Exercise objective
For the records that follow, please set down exactly the lines between the one holding "by rewrite mem_cat" and the one holding "Implicit Types (p", inclusive, and only those.

Supplied information
<<<<
(* Let $L$ be a subspace of $\bigwedge^{k}V$, let $I\subseteq[n]$ be nonempty, and let $a=\min I$. Suppose $N_{j\to i}L=L$ for all $i<j$ with $i,j\in I$. Then $L$ has a basis consisting of elements of the form $x\wedge y$, where $x$ is a homogeneous form in $\bigwedge V^{(I\setminus\{a\})}$ and $y$ is a monomial whose variable set is a subset of $\{e_h:h\in I\}$.
   Context: $\mathbb{F}$ is a field (assumed throughout the paper, for expository purposes, to have characteristic not $2$), $V$ is an $n$-dimensional $\mathbb{F}$-vector space with a fixed basis $e_1,\dots,e_n$, and $\bigwedge V$ its exterior algebra; for $S=\{s_1<\cdots<s_r\}\subseteq[n]$, the monomial $e_S=e_{s_1}\wedge\cdots\wedge e_{s_r}$ has variable set $\{e_s:s\in S\}$, and the monomials with $|S|=k$ form a basis of $\bigwedge^kV$. For $J\subseteq[n]$, $V^{(J)}$ is the span of $\{e_h:h\notin J\}$ (so $V^{(I\setminus\{a\})}$ is spanned by $e_a$ and the $e_h$ with $h\notin I$), $V^{(j)}=V^{(\{j\})}$, and $\bigwedge V^{(J)}$ is viewed as a subalgebra of $\bigwedge V$. Slow shift: for distinct $i,j\in[n]$ and nonzero $m\in\bigwedge^kV$, write uniquely $m=x'+e_j\wedge y'$ with $x'\in\bigwedge^kV^{(j)}$, $y'\in\bigwedge^{k-1}V^{(j)}$, and set $N_{j\to i}m=x'+e_i\wedge y'$ if this is nonzero, and $N_{j\to i}m=e_j\wedge y'$ otherwise (the limit as $t\to0$ of the projective action of $e_j\mapsto e_i+te_j$ fixing the other $e_h$). For a subspace $L$, $N_{j\to i}L$ is the span of $\{N_{j\to i}m:m\in L\setminus\{0\}\}$. *)

(* Exterior algebra of V = F^n with basis e_0..e_{n-1},
   represented by coefficient vectors indexed by subsets S of 'I_n
   (the coefficient of the monomial e_S). *)
From HB Require Import structures.
From mathcomp Require Import all_boot all_order all_algebra.
Set Implicit Arguments. Unset Strict Implicit. Unset Printing Implicit Defensive.
Import Order.TTheory GRing.Theory Num.Theory.
Local Open Scope ring_scope.

Definition ext (F : fieldType) (n : nat) := {ffun {set 'I_n} -> F^o}.

Definition emono (F : fieldType) (n : nat) (S : {set 'I_n}) : ext F n :=
  [ffun U => (U == S)%:R].

(* Sign of e_S /\ e_T = sgn S T * e_(S u T) for disjoint S, T:
   (-1)^(number of pairs s in S, t in T with t < s). *)
Definition wsign (F : fieldType) (n : nat) (S T : {set 'I_n}) : F :=
  (-1) ^+ #|[set p : 'I_n * 'I_n | [&& p.1 \in S, p.2 \in T & (p.2 < p.1)%N]]|.

Definition wedge (F : fieldType) (n : nat) (x y : ext F n) : ext F n :=
  [ffun U => \sum_(S : {set 'I_n}) \sum_(T : {set 'I_n} |
        (S :&: T == set0) && (S :|: T == U)) wsign F S T * x S * y T].

Definition homog (F : fieldType) (n : nat) (k : nat) (x : ext F n) : Prop :=
  forall S : {set 'I_n}, #|S| != k -> x S = 0.

(* x lies in the subalgebra /\ V^(J), V^(J) = span{e_h : h \notin J}. *)
Definition in_sub (F : fieldType) (n : nat) (J : {set 'I_n}) (x : ext F n) : Prop :=
  forall S : {set 'I_n}, x S != 0 -> [disjoint S & J].

(* Decomposition m = x' + e_j /\ y' with x', y' in /\ V^(j). *)
Definition xpart (F : fieldType) (n : nat) (j : 'I_n) (m : ext F n) : ext F n :=
  [ffun S : {set 'I_n} => if j \in S then 0 else m S].
Definition ypart (F : fieldType) (n : nat) (j : 'I_n) (m : ext F n) : ext F n :=
  [ffun T : {set 'I_n} => if j \in T then 0
             else ((-1) ^+ #|[set t in T | (t < j)%N]| : F) * m (j |: T)].

Definition slow_shift (F : fieldType) (n : nat) (j i : 'I_n) (m : ext F n) : ext F n :=
  let c := xpart j m + wedge (emono F [set i]) (ypart j m) in
  if c != 0 then c else wedge (emono F [set j]) (ypart j m).

Definition in_span (F : fieldType) (n : nat) (P : ext F n -> Prop) (v : ext F n) : Prop :=
  forall U : {vspace ext F n}, (forall w, P w -> w \in U) -> v \in U.

Definition shift_fixed (F : fieldType) (n : nat) (j i : 'I_n) (L : {vspace ext F n}) : Prop :=
  forall v, in_span (fun w => exists m, [/\ m \in L, m != 0 & w = slow_shift j i m]) v
            <-> v \in L.

From HB Require Import structures.
From mathcomp Require Import all_boot all_order all_algebra.
Set Implicit Arguments. Unset Strict Implicit. Unset Printing Implicit Defensive.
Import Order.TTheory GRing.Theory Num.Theory.
Local Open Scope ring_scope.

(* For i != j, a slow shift N_{j -> i} m either involves no
   monomial containing e_j or only such monomials, so a shift-fixed L is spanned
   by vectors of these two kinds: L is stable under the coordinate projection
   killing the monomials that contain e_j.  Combining these projections for
   j in J = I \ {a}, L is the direct sum over T \subset J of its subspaces L_T
   of vectors supported on the monomials e_U with U :&: J = T, and every vector
   of L_T factors as x /\ e_T with x in /\ V^(J).  Concatenating bases of the
   L_T gives the required basis. *)

Lemma disjoint_cover_eq (T : finType) (S V U : {set T}) :
  (S :&: V == set0) && (S :|: V == U) = (S \subset U) && (V == U :\: S).
Proof.
apply/andP/andP => [[/eqP dSV /eqP <-] | [sSU /eqP ->]]; split.
- exact: subsetUl.
- rewrite setDUl setDv set0U; apply/eqP/esym/setDidPl.
  by rewrite -setI_eq0 setIC dSV.
- by apply/eqP/setP => x; rewrite !inE; case: (x \in S); rewrite ?andbF.
- by rewrite -{2}(setID U S) (setIidPr sSU).
Qed.

Lemma directv_basis (K : fieldType) (vT : vectType K) (I : finType) (P : pred I)
    (U : I -> {vspace vT}) :
  directv (\sum_(i | P i) U i) ->
  exists b, basis_of (\sum_(i | P i) U i) b /\
            forall v, v \in b -> exists2 i, P i & v \in U i.
Proof.
move=> dirU; exists (\big[cat/[::]]_(i | P i) vbasis (U i)); split.
  by apply: bigcat_basis => // i _; apply: vbasisP.
elim/big_rec: _ => [//|i b Pi IHb v].
by rewrite mem_cat => /orP[/vbasis_mem vUi | /IHb //]; exists i.
Qed.

Section Wedge.
Variables (F : fieldType) (n : nat).
Implicit Types (x y : ext F n) (S T U : {set 'I_n}).

Lemma wsignK S T : wsign F S T * wsign F S T = 1.
Proof. by rewrite /wsign -exprMn mulrNN mulr1 expr1n. Qed.

Lemma emono_wedgeE T y U :
  wedge (emono F T) y U =
  if T \subset U then wsign F T (U :\: T) * y (U :\: T) else 0.
Proof.
rewrite ffunE (bigD1 T) //= [X in _ + X]big1 ?addr0 => [|S /negPf neST]; last first.
  by rewrite big1 // => V _; rewrite ffunE neST mulr0 mul0r.
under eq_bigl do rewrite disjoint_cover_eq.
rewrite ffunE eqxx; case: ifP => sTU; last by rewrite big_pred0.
by rewrite (big_pred1 (U :\: T)) ?mulr1.
Qed.

Lemma wedge_emonoE x T U :
  wedge x (emono F T) U =
  if T \subset U then wsign F (U :\: T) T * x (U :\: T) else 0.
Proof.
have emono_sum S : \sum_(V | (S :&: V == set0) && (S :|: V == U))
    wsign F S V * x S * emono F T V =
    if (T :&: S == set0) && (T :|: S == U) then wsign F S T * x S else 0.
  rewrite big_mkcond (bigD1 T) //= ffunE eqxx mulr1 setIC setUC big1 ?addr0 //.
  by move=> V /negPf neVT; rewrite ffunE neVT mulr0; case: ifP.
rewrite ffunE (eq_bigr _ (fun S _ => emono_sum S)) -big_mkcond /=.
under eq_bigl do rewrite disjoint_cover_eq.
case: ifP => sTU; last by rewrite big_pred0.
by rewrite (big_pred1 (U :\: T)).
Qed.

End Wedge.

Section Masks.
Variables (F : fieldType) (n : nat).
Implicit Types (p q : pred {set 'I_n}) (v w : ext F n) (L : {vspace ext F n}).

Definition mask p v : ext F n := [ffun S => if p S then v S else 0].

Fact mask_is_linear p : linear (mask p).
Proof.
by move=> c u v; apply/ffunP => S; rewrite !ffunE; case: ifP; rewrite ?scaler0 ?addr0.
Qed.
HB.instance Definition _ p :=
  GRing.isLinear.Build F (ext F n) (ext F n) *:%R (mask p) (mask_is_linear p).

Definition supp_space p : {vspace ext F n} := limg (linfun (mask p)).

Lemma supp_spaceP p v : reflect (forall S, ~~ p S -> v S = 0) (v \in supp_space p).
Proof.
apply: (iffP memv_imgP) => [[u _ ->] S /negPf pS | v0].
  by rewrite lfunE ffunE pS.
exists v; rewrite ?memvf // lfunE; apply/ffunP => S; rewrite ffunE.
by case: ifPn => // /v0 ->.
Qed.

Lemma mask_supp p v : mask p v \in supp_space p.
Proof. by apply/supp_spaceP => S /negPf pS; rewrite ffunE pS. Qed.

Lemma mask_id p v : v \in supp_space p -> mask p v = v.
Proof.
by move/supp_spaceP => v0; apply/ffunP => S; rewrite ffunE; case: ifPn => // /v0 ->.
Qed.

Lemma eq_mask p q : p =1 q -> mask p =1 mask q.
Proof. by move=> epq v; apply/ffunP => S; rewrite !ffunE epq. Qed.

Lemma maskI p q v : mask p (mask q v) = mask (fun S => p S && q S) v.
Proof. by apply/ffunP => S; rewrite !ffunE; case: (p S). Qed.

Lemma maskC p v : mask (fun S => ~~ p S) v = v - mask p v.
Proof. by apply/ffunP => S; rewrite !ffunE; case: (p S); rewrite ?subrr ?subr0. Qed.

Lemma maskT v : mask xpredT v = v.
Proof. by apply/ffunP => S; rewrite ffunE. Qed.

Definition mask_closed L p := forall v, v \in L -> mask p v \in L.

Lemma eq_mask_closed L p q : p =1 q -> mask_closed L p -> mask_closed L q.
Proof. by move=> epq Lp v vL; rewrite -(eq_mask epq) Lp. Qed.

Lemma mask_closedI L p q :
  mask_closed L p -> mask_closed L q -> mask_closed L (fun S => p S && q S).
Proof. by move=> Lp Lq v vL; rewrite -maskI Lp ?Lq. Qed.

Lemma mask_closedC L p : mask_closed L p -> mask_closed L (fun S => ~~ p S).
Proof. by move=> Lp v vL; rewrite maskC memvB ?Lp. Qed.

Lemma mask_closed_all L (I : eqType) (q : I -> pred {set 'I_n}) (s : seq I) :
  (forall i, i \in s -> mask_closed L (q i)) ->
  mask_closed L (fun S => all (q^~ S) s).
Proof.
elim: s => [_ v vL | i s IHs Lq]; first by rewrite maskT.
apply: mask_closedI; first exact/Lq/mem_head.
by apply: IHs => j js; apply/Lq; rewrite inE js orbT.
Qed.

Lemma mask_closed_split L p :
  (L <= (L :&: supp_space p) + (L :&: supp_space (fun S => ~~ p S)))%VS ->
  mask_closed L p.
Proof.
move=> splitL v /(subvP splitL)/memv_addP[v1 + [v0 + ->]].
rewrite !memv_cap => /andP[v1L /mask_id v1p] /andP[_ /supp_spaceP v0p].
suff v0p0 : mask p v0 = 0 by rewrite linearD /= v1p v0p0 addr0.
by apply/ffunP => S; rewrite !ffunE; case: ifP => // pS; rewrite v0p ?pS.
Qed.

End Masks.

Section Grading.
Variables (F : fieldType) (n : nat).
Implicit Types (v : ext F n) (S T J : {set 'I_n}) (L : {vspace ext F n}).

Lemma directv_supp (I : finType) (P : pred I) (p : I -> pred {set 'I_n})
    (U : I -> {vspace ext F n}) :
  (forall i j S, p i S -> p j S -> i = j) ->
  (forall i, P i -> (U i <= supp_space F (p i))%VS) ->
  directv (\sum_(i | P i) U i).
Proof.
move=> p_uniq sUp; apply/directv_sum_independent => u Uu u0 i Pi.
have u_supp j : P j -> forall S, ~~ p j S -> u j S = 0.
  by move=> Pj; apply/supp_spaceP/(subvP (sUp j Pj))/Uu.
apply/ffunP => S; rewrite ffunE; have [piS|] := boolP (p i S); last exact: u_supp.
have := congr1 (fun w : ext F n => w S) u0; rewrite sum_ffunE ffunE (bigD1 i) //=.
rewrite big1 ?addr0 // => j /andP[Pj nji]; apply: u_supp => //.
by apply: contra nji => pjS; rewrite (p_uniq j i S).
Qed.

Definition trace_space L J T : {vspace ext F n} :=
  capv L (supp_space F (fun S => S :&: J == T)).

Lemma directv_trace_space L J :
  directv (\sum_(T : {set 'I_n} | T \subset J) trace_space L J T).
Proof.
apply: (directv_supp (p := fun T S => S :&: J == T)) => [T T' S /eqP <- /eqP // | T _].
exact: capvSr.
Qed.

Lemma sum_mask_trace J v :
  v = \sum_(T : {set 'I_n} | T \subset J) mask (fun S => S :&: J == T) v.
Proof.
apply/ffunP => U; rewrite sum_ffunE (bigD1 (U :&: J)) ?subsetIr //= ffunE eqxx.
by rewrite big1 ?addr0 // => T /andP[_ neT]; rewrite ffunE eq_sym (negPf neT).
Qed.

Lemma sum_trace_space L J :
  (forall T, T \subset J -> mask_closed L (fun S => S :&: J == T)) ->
  (\sum_(T : {set 'I_n} | T \subset J) trace_space L J T)%VS = L.
Proof.
move=> closedL; apply/eqP; rewrite eqEsubv; apply/andP; split.
  by apply/subv_sumP => T _; apply: capvSl.
apply/subvP => v vL; rewrite [v](sum_mask_trace J); apply: memv_sumr => T sTJ.
by rewrite memv_cap closedL ?mask_supp.
Qed.

Lemma mask_closed_trace L J T :
  T \subset J -> (forall j, j \in J -> mask_closed L (fun S => j \notin S)) ->
  mask_closed L (fun S => S :&: J == T).
Proof.
move=> sTJ closedL.
apply: (eq_mask_closed
  (p := fun S => all (fun j => (j \in S) == (j \in T)) (enum J))).
  move=> S; apply/allP/eqP => [eqST | <- j].
    apply/setP => j; rewrite inE; have [jJ|jJ] := boolP (j \in J).
      by rewrite andbT; apply/eqP/eqST; rewrite mem_enum.
    by rewrite andbF; apply/esym/negbTE; apply: contra jJ; apply: (subsetP sTJ).
  by rewrite mem_enum inE => ->; rewrite andbT.
apply: mask_closed_all => j; rewrite mem_enum => /closedL Lj.
have [jT|jT] := boolP (j \in T);
  [apply: eq_mask_closed (mask_closedC Lj) | apply: eq_mask_closed Lj] => S;
  by move: jT; case: (j \in S); case: (j \in T).
Qed.

Lemma slow_shift_supp (i j : 'I_n) (m : ext F n) : i != j ->
  slow_shift j i m \in supp_space F (fun S => j \notin S) \/
  slow_shift j i m \in supp_space F (fun S => j \in S).
Proof.
move=> nij; rewrite /slow_shift; case: ifP => _; [left | right]; apply/supp_spaceP => S.
  rewrite negbK => jS; rewrite ffunE [xpart _ _ _]ffunE jS add0r emono_wedgeE.
  by case: ifP => // _; rewrite ffunE !inE jS andbT (eq_sym j) nij mulr0.
by move=> jS; rewrite emono_wedgeE sub1set (negPf jS).
Qed.

Lemma shift_fixed_mask_closed (i j : 'I_n) L :
  i != j -> shift_fixed j i L -> mask_closed L (fun S => j \notin S).
Proof.
move=> nij fixL; apply: mask_closed_split; apply/subvP => v /(fixL v).2; apply.
move=> _ [m [mL m0 ->]].
have NmL : slow_shift j i m \in L by apply/(fixL _).1 => U; apply; exists m.
case: (slow_shift_supp m nij) => Nm_supp.
  by apply: (subvP (addvSl _ _)); rewrite memv_cap NmL.
apply: (subvP (addvSr _ _)); rewrite memv_cap NmL /=.
by move/supp_spaceP: Nm_supp => Nm0; apply/supp_spaceP => S; rewrite negbK; apply: Nm0.
Qed.

Lemma wedge_emono_factor k J T v :
  T \subset J -> homog k v -> v \in supp_space F (fun S => S :&: J == T) ->
  exists x d, [/\ homog d x, in_sub J x & v = wedge x (emono F T)].
Proof.
move=> sTJ hv /supp_spaceP vT.
have vU U : v U != 0 -> U :&: J = T by apply: contraNeq => /vT ->.
pose x : ext F n :=
  [ffun S : {set 'I_n} => if [disjoint S & J] then wsign F S T * v (S :|: T) else 0].
exists x, (k - #|T|)%N; split.
- move=> S dS; rewrite ffunE; case: ifP => // dSJ; rewrite hv ?mulr0 //.
  have dST : S :&: T = set0 by apply/eqP; rewrite setI_eq0; apply: disjointWr sTJ dSJ.
  by apply: contra dS => /eqP <-; rewrite cardsU dST cards0 subn0 addnK.
- by move=> S; rewrite ffunE; case: ifP; rewrite ?eqxx.
apply/ffunP => U; rewrite wedge_emonoE ffunE; case: ifPn => [sTU | nsTU]; last first.
  by apply: contraNeq nsTU => /vU <-; apply: subsetIl.
have -> : U :\: T :|: T = U by rewrite setUC -{1}(setIidPr sTU) setID.
case: ifP => dUJ; first by rewrite mulrA wsignK mul1r.
rewrite mulr0; apply: contraFeq dUJ => /vU UJ.
by rewrite -setI_eq0 setIC setIDA setIC UJ setDv.
Qed.

End Grading.

Theorem theorem3p13 (F : fieldType) (hchar : (2%:R : F) != 0)
  (n k : nat) (L : {vspace ext F n})
  (hL : forall v, v \in L -> homog k v)
  (I : {set 'I_n}) (a : 'I_n) (ha : a \in I) (hmin : forall h, h \in I -> (a <= h)%N)
  (hfix : forall i j : 'I_n, i \in I -> j \in I -> (i < j)%N -> shift_fixed j i L) :
  exists b : seq (ext F n),
    basis_of L b /\
    forall v, v \in b ->
      exists (x : ext F n) (d : nat) (S : {set 'I_n}),
        [/\ homog d x, in_sub (I :\ a) x, S \subset I & v = wedge x (emono F S)].
Proof.
set J := I :\ a.
have closedJ j : j \in J -> mask_closed L (fun S => j \notin S).
  rewrite in_setD1 => /andP[nja jI].
  apply: (shift_fixed_mask_closed _ (hfix a j ha jI _)); first by rewrite eq_sym.
  by rewrite ltn_neqAle hmin // andbT (inj_eq val_inj) eq_sym.
have [b [bL bT]] := directv_basis (directv_trace_space L J).
rewrite sum_trace_space in bL => [|T sTJ]; last exact: mask_closed_trace.
exists b; split => // v /bT[T sTJ]; rewrite memv_cap => /andP[vL vT].
have [x [d [hx sx ->]]] := wedge_emono_factor sTJ (hL v vL) vT.
by exists x, d, T; split => //; apply: subset_trans sTJ (subsetDl _ _).
Qed.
>>>>
Answer section
by rewrite mem_cat => /orP[/vbasis_mem vUi | /IHb //]; exists i.
Qed.

Section Wedge.
Variables (F : fieldType) (n : nat).
Implicit Types (x y : ext F n) (S T U : {set 'I_n}).

Lemma wsignK S T : wsign F S T * wsign F S T = 1.
Proof. by rewrite /wsign -exprMn mulrNN mulr1 expr1n. Qed.

Lemma emono_wedgeE T y U :
  wedge (emono F T) y U =
  if T \subset U then wsign F T (U :\: T) * y (U :\: T) else 0.
Proof.
rewrite ffunE (bigD1 T) //= [X in _ + X]big1 ?addr0 => [|S /negPf neST]; last first.
  by rewrite big1 // => V _; rewrite ffunE neST mulr0 mul0r.
under eq_bigl do rewrite disjoint_cover_eq.
rewrite ffunE eqxx; case: ifP => sTU; last by rewrite big_pred0.
by rewrite (big_pred1 (U :\: T)) ?mulr1.
Qed.

Lemma wedge_emonoE x T U :
  wedge x (emono F T) U =
  if T \subset U then wsign F (U :\: T) T * x (U :\: T) else 0.
Proof.
have emono_sum S : \sum_(V | (S :&: V == set0) && (S :|: V == U))
    wsign F S V * x S * emono F T V =
    if (T :&: S == set0) && (T :|: S == U) then wsign F S T * x S else 0.
  rewrite big_mkcond (bigD1 T) //= ffunE eqxx mulr1 setIC setUC big1 ?addr0 //.
  by move=> V /negPf neVT; rewrite ffunE neVT mulr0; case: ifP.
rewrite ffunE (eq_bigr _ (fun S _ => emono_sum S)) -big_mkcond /=.
under eq_bigl do rewrite disjoint_cover_eq.
case: ifP => sTU; last by rewrite big_pred0.
by rewrite (big_pred1 (U :\: T)).
Qed.

End Wedge.

Section Masks.
Variables (F : fieldType) (n : nat).
Implicit Types (p q : pred {set 'I_n}) (v w : ext F n) (L : {vspace ext F n}).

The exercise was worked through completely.